HALIFAX – A South Shore man made a surprising discovery on Wednesday morning when he found what is believed to be a meteorite in the bottom of his sock drawer. Experts believe it to be a fragment of a much larger meteorite that was found in the area after it crashed down from the sky years before.
Alan Thorndike, a retired postal worker from Bridgewater, said as soon as he recovered from the shock of finding the piece, he called the authorities immediately. Thorndike, who lives alone and has never been married, says he doesn’t know how the small space rock came to be among his foot garb, thirty years after it struck the earth.
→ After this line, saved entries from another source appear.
Lemma swap_no_gain o : o \in B ->
  f (o |: (S :\ pi o)) - f S + lam * (P [set o] S - d o (pi o) - P [set pi o] S) <= 0.
Proof.
move=> oB; have /setDP [oO oS] := oB; have /setDP [pS _] := pi_out oB.
have : phi f lam d (o |: (S :\ pi o)) <= phi f lam d S.
  rewrite leNgt; apply/negP => gain; apply: (S_opt (T := o |: (S :\ pi o))).
  by exists o, (pi o); split => //; apply: pi_swap.
rewrite -(ler_pM2l (_ : 0 < 2)) // !phi2E // dcross_swap //; lra.
Qed.

Lemma swap_sum_bound : f O - 2 * f S + lam * (P B S - matched - P A S) <= 0.
Proof.
have f_part : f O - 2 * f S <= \sum_(o in B) (f (o |: (S :\ pi o)) - f S).
  apply: le_trans (submod_swap_sum f_submod _ pi_inj _); last 2 first.
  - by have /subsetDP [] := subxx B.
  - by move=> o /pi_out /setDP [].
  have O_sub : O \subset B :|: S.
    by apply/subsetP => u uO; rewrite !inE uO andbT orNb.
  have := f_mono O_sub; have := f_ge0 (S :\: A); lra.
have d_part : \sum_(o in B) (P [set o] S - d o (pi o) - P [set pi o] S)
    = P B S - matched - P A S.
  by rewrite !sumrB dcross_sum1l -(big_imset (fun p => P [set p] S) pi_inj) dcross_sum1l.
have : \sum_(o in B) (f (o |: (S :\ pi o)) - f S
    + lam * (P [set o] S - d o (pi o) - P [set pi o] S)) <= 0.
  by apply: sumr_le0 => o; apply: swap_no_gain.
rewrite big_split -mulr_sumr d_part /=; lra.
Qed.

Lemma dcrossBS_ge : P B C + matched + crossed <= P B S.
Proof.
rewrite (dcross_splitr dC _ (subsetIr O S)) -addrA lerD2l.
apply: le_trans (dcrossSr d_ge0 dC _ A_sub_SC).
rewrite -[P B A](dcross_sum1r dC) big_imset //= -big_split /=; apply: ler_sum => o oB.
by rewrite (dcross_splitl d [set pi o] (_ : [set o] \subset B)) ?sub1set // dcross11.
Qed.

Lemma key_bound : lam * (P B C + crossed) <= 2 * f S - f O + lam * (P A A + P A Q).
Proof.
have := swap_sum_bound; rewrite (dcross_splitr dC A A_sub_S).
have := ler_wpM2l lam_ge0 dcrossBS_ge; lra.
Qed.

Lemma phiO2E : 2 * phi f lam d O = 2 * f O + lam * (P C C + 2 * P B C + P B B).
Proof.
have -> : B = O :\: C by rewrite setDIr setDv set0U.
by rewrite phi2E // (dcross_self_split dC (subsetIl O S)).
Qed.

Lemma phiS2E : 2 * phi f lam d S = 2 * f S + lam * (P A A + 2 * P A Q + P Q Q).
Proof. by rewrite phi2E // (dcross_self_split dC A_sub_S) (dcrossC dC Q). Qed.

Lemma dcrossBB_le : #|B| != 2%N -> P B B <= 2 * alpha * crossed.
Proof. exact: (dcross_self_le_sum d_ge0 dC d_id (le_trans ler01 alpha_ge1) d_tri pi). Qed.

Section TwoOutside.
Variables o1 o2 : U.
Hypotheses (o12 : o1 != o2) (B2 : B = [set o1; o2]).

Lemma pi_pair_neq : pi o1 != pi o2.
Proof.
apply: contra o12 => /eqP /pi_inj -> //; by rewrite B2 !inE eqxx ?orbT.
Qed.

Lemma A_pair : A = [set pi o1; pi o2].
Proof. by rewrite B2 imsetU1 imset_set1. Qed.

Lemma dcrossBB_le_pair : P B B <= (alpha + alpha ^+ 2) * crossed + alpha ^+ 2 * P A A.
Proof.
have crossedE : crossed = d o2 (pi o1) + d o1 (pi o2).
  rewrite B2 big_setU1 ?inE //= big_set1 setU1K ?inE // dcross11.
  have -> : [set o1; o2] :\ o2 = [set o1].
    apply/setP => u; rewrite !inE; case: (eqVneq u o2) => [-> | _] /=; last by rewrite orbF.
    by rewrite eq_sym (negbTE o12).
  by rewrite dcross11.
rewrite crossedE A_pair B2 !dcross_pair ?pi_pair_neq //.
exact: (dist_quad_le dC (le_trans ler01 alpha_ge1) d_tri).
Qed.

Lemma dcrossAA_le t : t \in Q -> P A A <= 2 * alpha * P A Q.
Proof.
move=> tQ; have cardA : #|A| = 2%N by rewrite A_pair cards2 pi_pair_neq.
have alpha_ge0 : 0 <= alpha := le_trans ler01 alpha_ge1.
apply: le_trans (dcross_self_le dC d_id d_tri A t) _.
have -> : (#|A|%:R - 1 : R) = 1 by rewrite cardA; lra.
by rewrite mulr1 ler_wpM2l ?mulr_ge0 // dcrossSr // sub1set.
Qed.

Lemma phiO_le_pair : Q = set0 -> phi f lam d O <= phi f lam d S.
Proof.
move=> Q0; have C0 : C = set0 by apply/eqP; rewrite -subset0 -Q0 C_sub_Q.
have OB : O = [set o1; o2].
  by rewrite -B2; apply/esym/setDidPl; rewrite -setI_eq0 C0.
by rewrite OB; apply: pair_le => //; rewrite -OB.
Qed.

End TwoOutside.

Lemma local_opt_approx : phi f lam d O / (2 * alpha ^+ 2) <= phi f lam d S.
Proof.
have alpha_sq_ge1 : 1 <= alpha ^+ 2 by rewrite expr_ge1 // (le_trans ler01).
have phiS_ge0 : 0 <= phi f lam d S.
  by rewrite addr_ge0 // mulr_ge0 // -(ler_pM2l (_ : 0 < 2)) // mulr0 dsumE // dcross_ge0.
rewrite ler_pdivrMr ?mulr_gt0 ?exprn_gt0 ?(lt_le_trans ltr01 alpha_ge1) //.
suff : 2 * phi f lam d O <= 2 * alpha ^+ 2 * (2 * phi f lam d S) by lra.
have P_ge0 := dcross_ge0 d_ge0.
have key := key_bound; have cc_le : P C C <= P Q Q.
  by apply: le_trans (dcrossSl d_ge0 _ C_sub_Q) (dcrossSr d_ge0 dC _ C_sub_Q).
rewrite phiO2E phiS2E.
have [/eqP/cards2P [o1 [o2 [o12 B2]]] | B_ne2] := eqVneq #|B| 2%N.
  have [Q0 | /set0Pn [t tQ]] := eqVneq Q set0.
    rewrite -phiO2E -phiS2E; have := phiO_le_pair o12 B2 Q0; nra.
  by apply: (approx_arith_pair _ _ _ _ _ _ _ key cc_le
    (dcrossBB_le_pair o12 B2) (dcrossAA_le o12 B2 tQ)).
by apply: (approx_arith _ _ _ _ _ _ _ _ key cc_le (dcrossBB_le B_ne2)).
Qed.

End LocalOptimum.

Unset Implicit Arguments.

Theorem theorem2 (U : finType) (R : realFieldType) (F : pred {set U})
  (alpha lam : R) (d : U -> U -> R) (f : {set U} -> R) (x y : U)
  (S0 S O : {set U}) :
  is_matroid F -> (2 <= mrank F)%N ->
  0 <= lam -> 1 <= alpha -> relaxed_semimetric alpha d ->
  (forall A, 0 <= f A) -> monotone f -> submodular f ->
  x != y -> F [set x; y] ->
  (forall x' y' : U, x' != y' -> F [set x'; y'] ->
     f [set x'; y'] + lam * d x' y' <= f [set x; y] + lam * d x y) ->
  is_basis F S0 -> x \in S0 -> y \in S0 ->
  ls_run F (phi f lam d) S0 S -> local_opt F (phi f lam d) S ->
  F O -> (forall T, F T -> phi f lam d T <= phi f lam d O) ->
  phi f lam d O / (2 * alpha ^+ 2) <= phi f lam d S.
Proof.
move=> [_ F_subset F_augment] _ lam_ge0 alpha_ge1 [d_ge0 dC d_id d_tri] f_ge0 f_mono
  f_submod xy _ best_pair basisS0 xS0 yS0 run S_opt FO _.
have [FS cardS phiS0_le] := ls_run_inv run (proj1 basisS0).
have basisS := basis_of_card F_augment basisS0 FS cardS.
have [pi [pi_out pi_inj pi_swap]] := basis_exchange_inj F_subset F_augment basisS FO.
apply: (local_opt_approx alpha_ge1 lam_ge0 d_ge0 dC d_id d_tri f_ge0 f_mono f_submod
  S_opt FO _ pi_out pi_inj pi_swap).
move=> u v uv Fuv; apply: le_trans phiS0_le.
rewrite phi_pair //; apply: le_trans (best_pair u v uv Fuv) _.
rewrite -phi_pair //; apply: phi_subset_le => //.
by rewrite subUset !sub1set xS0 yS0.
Qed.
The earlier event, which happened in 1987, was much talked about at the time because of the blinding streak across the night sky, the sonic boom, the subsequent explosion and bus-sized crater that it yielded. Roger Arneson, a scientist from Ottawa who headed up the investigation of the site back then, said that his team of meteoriticists removed a thirty-six pound meteorite from the crater.
“There was one large chunk of mesosiderite there, and a few small bits of it around the edges” he said. “And we’re sure we got them all before we packed up and left. Also, no one could have gotten in and out of the site at the time because we had it sealed off as tight as a jar of dill pickles.”
Alan Thorndike said he recalled the 1987 event vividly.
“Oh sure, I remember it like yesterday. The thing blasted a big hole down there between Lunenburg and Mahone Bay. At first people around here thought it was a UFO. We even had the guys from NORAD snooping around.”
He also had a possible explanation for the strange find in his house this week.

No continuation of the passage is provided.